**WHAT YOU ARE ASKED TO DO:** In the listing below, find the line containing "Theorem mainTheorem3 (R" and the line containing "(u : nat -> 'cV[R]_m1)". Repeat exactly those two lines and every line between them.
((
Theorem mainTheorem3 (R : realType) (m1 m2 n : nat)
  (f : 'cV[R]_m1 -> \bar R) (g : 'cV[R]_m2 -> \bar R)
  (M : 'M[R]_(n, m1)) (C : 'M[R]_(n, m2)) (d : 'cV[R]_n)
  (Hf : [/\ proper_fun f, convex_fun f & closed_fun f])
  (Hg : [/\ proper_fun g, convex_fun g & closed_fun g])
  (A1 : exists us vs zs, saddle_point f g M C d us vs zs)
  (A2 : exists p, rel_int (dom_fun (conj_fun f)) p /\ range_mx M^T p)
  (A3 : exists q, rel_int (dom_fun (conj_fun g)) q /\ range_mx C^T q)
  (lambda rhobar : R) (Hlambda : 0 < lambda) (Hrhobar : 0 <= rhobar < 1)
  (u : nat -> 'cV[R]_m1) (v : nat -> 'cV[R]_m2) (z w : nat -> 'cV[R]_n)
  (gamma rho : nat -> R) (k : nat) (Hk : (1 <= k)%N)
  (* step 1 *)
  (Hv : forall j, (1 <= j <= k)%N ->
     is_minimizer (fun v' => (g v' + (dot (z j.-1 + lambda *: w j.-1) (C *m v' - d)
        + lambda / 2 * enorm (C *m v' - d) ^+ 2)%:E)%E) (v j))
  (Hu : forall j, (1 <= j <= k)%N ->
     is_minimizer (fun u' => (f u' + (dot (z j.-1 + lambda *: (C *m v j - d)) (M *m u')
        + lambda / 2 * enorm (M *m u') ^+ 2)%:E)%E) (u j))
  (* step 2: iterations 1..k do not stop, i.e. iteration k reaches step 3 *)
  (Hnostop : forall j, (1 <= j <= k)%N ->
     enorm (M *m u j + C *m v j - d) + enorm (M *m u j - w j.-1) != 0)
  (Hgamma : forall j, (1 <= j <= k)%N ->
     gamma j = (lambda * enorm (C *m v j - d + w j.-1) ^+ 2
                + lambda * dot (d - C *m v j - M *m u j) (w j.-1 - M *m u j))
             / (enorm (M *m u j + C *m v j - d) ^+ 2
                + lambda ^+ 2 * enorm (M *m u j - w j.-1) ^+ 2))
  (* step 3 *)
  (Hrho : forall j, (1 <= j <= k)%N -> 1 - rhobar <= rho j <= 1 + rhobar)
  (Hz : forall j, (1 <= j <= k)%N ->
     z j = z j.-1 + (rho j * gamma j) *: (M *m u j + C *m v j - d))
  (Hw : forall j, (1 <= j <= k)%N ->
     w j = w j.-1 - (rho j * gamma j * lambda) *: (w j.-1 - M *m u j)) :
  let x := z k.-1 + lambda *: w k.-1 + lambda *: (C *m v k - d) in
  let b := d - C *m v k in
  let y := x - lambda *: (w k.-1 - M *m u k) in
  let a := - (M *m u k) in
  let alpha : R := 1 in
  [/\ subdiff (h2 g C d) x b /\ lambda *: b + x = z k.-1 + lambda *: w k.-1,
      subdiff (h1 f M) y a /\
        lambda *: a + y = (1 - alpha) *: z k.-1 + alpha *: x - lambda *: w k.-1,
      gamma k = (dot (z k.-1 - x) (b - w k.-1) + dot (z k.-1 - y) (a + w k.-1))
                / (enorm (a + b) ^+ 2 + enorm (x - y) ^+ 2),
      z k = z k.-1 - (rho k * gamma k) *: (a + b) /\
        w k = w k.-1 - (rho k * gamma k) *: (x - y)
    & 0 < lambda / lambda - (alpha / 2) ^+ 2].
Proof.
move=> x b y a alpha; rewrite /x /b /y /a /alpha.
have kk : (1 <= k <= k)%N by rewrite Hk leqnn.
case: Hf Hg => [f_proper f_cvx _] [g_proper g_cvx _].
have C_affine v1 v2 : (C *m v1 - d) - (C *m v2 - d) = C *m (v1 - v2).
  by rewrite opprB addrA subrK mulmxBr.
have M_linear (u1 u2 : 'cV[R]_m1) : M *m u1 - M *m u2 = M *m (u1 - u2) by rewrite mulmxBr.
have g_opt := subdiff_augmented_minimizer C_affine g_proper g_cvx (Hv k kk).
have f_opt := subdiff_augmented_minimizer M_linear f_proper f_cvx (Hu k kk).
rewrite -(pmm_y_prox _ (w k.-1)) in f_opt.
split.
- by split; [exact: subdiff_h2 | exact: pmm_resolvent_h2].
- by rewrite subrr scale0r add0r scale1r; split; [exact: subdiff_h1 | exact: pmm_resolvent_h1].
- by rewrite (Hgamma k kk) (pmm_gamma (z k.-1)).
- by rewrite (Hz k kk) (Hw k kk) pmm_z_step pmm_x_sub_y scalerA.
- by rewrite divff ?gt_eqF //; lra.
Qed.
))
((
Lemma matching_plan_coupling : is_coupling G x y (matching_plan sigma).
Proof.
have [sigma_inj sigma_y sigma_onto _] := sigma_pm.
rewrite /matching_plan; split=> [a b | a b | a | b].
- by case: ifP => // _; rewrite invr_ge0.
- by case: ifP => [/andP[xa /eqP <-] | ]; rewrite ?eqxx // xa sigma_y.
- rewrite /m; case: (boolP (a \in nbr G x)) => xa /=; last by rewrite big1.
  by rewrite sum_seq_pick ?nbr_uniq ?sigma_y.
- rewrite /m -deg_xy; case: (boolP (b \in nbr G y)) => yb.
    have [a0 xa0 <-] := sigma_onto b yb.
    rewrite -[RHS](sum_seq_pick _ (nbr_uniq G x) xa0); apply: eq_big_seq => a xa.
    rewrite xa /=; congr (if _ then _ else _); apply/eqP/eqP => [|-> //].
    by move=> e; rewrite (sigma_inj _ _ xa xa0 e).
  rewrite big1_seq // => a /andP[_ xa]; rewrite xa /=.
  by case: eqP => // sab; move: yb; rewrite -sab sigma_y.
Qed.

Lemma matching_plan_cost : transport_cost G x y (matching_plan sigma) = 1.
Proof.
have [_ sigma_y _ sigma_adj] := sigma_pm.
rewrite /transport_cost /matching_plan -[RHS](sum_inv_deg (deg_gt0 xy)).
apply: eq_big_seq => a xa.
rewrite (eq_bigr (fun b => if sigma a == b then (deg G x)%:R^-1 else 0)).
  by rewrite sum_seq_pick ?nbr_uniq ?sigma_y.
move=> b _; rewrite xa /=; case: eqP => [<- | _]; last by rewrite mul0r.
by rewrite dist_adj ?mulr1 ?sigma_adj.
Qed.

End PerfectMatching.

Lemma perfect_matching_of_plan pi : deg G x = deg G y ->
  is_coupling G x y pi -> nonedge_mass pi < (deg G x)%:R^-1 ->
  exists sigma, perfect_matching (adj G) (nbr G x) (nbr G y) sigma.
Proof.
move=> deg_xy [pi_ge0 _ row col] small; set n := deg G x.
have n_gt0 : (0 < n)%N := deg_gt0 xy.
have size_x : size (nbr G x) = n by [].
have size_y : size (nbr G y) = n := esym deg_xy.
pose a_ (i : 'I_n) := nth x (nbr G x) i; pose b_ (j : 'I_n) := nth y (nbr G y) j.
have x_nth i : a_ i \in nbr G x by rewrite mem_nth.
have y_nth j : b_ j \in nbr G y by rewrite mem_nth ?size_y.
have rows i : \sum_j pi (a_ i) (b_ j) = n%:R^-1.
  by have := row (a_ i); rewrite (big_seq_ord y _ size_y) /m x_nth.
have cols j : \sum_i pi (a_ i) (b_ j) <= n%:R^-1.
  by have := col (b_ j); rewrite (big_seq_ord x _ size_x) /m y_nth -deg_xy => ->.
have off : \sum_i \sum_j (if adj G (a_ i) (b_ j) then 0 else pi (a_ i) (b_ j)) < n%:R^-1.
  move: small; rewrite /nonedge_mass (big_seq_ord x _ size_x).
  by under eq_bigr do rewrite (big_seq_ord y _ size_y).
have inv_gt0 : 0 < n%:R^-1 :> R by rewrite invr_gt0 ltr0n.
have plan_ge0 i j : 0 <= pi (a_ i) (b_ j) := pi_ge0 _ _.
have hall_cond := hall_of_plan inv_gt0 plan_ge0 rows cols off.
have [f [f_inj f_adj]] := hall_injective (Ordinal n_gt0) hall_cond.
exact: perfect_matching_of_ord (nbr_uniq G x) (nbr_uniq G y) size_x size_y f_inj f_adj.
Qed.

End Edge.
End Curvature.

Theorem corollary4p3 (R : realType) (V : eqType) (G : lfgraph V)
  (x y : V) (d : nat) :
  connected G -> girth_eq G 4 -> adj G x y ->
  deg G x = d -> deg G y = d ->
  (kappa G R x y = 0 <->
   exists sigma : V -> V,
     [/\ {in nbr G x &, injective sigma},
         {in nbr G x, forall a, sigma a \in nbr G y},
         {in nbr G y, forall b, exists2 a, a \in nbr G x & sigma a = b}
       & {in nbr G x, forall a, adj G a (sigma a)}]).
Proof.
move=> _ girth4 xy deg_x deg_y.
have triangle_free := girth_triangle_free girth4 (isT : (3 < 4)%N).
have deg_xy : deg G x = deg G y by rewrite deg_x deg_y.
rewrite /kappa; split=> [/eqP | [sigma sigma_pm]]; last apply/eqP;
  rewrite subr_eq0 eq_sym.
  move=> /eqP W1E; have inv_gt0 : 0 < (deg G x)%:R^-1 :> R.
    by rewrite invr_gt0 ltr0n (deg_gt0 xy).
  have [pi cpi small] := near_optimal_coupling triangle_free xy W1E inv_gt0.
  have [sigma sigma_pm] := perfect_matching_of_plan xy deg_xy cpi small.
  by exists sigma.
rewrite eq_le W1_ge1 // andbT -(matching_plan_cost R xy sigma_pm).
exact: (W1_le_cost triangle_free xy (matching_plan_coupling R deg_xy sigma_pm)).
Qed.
))
**RESPONSE BELOW:**
Theorem mainTheorem3 (R : realType) (m1 m2 n : nat)
  (f : 'cV[R]_m1 -> \bar R) (g : 'cV[R]_m2 -> \bar R)
  (M : 'M[R]_(n, m1)) (C : 'M[R]_(n, m2)) (d : 'cV[R]_n)
  (Hf : [/\ proper_fun f, convex_fun f & closed_fun f])
  (Hg : [/\ proper_fun g, convex_fun g & closed_fun g])
  (A1 : exists us vs zs, saddle_point f g M C d us vs zs)
  (A2 : exists p, rel_int (dom_fun (conj_fun f)) p /\ range_mx M^T p)
  (A3 : exists q, rel_int (dom_fun (conj_fun g)) q /\ range_mx C^T q)
  (lambda rhobar : R) (Hlambda : 0 < lambda) (Hrhobar : 0 <= rhobar < 1)
  (u : nat -> 'cV[R]_m1) (v : nat -> 'cV[R]_m2) (z w : nat -> 'cV[R]_n)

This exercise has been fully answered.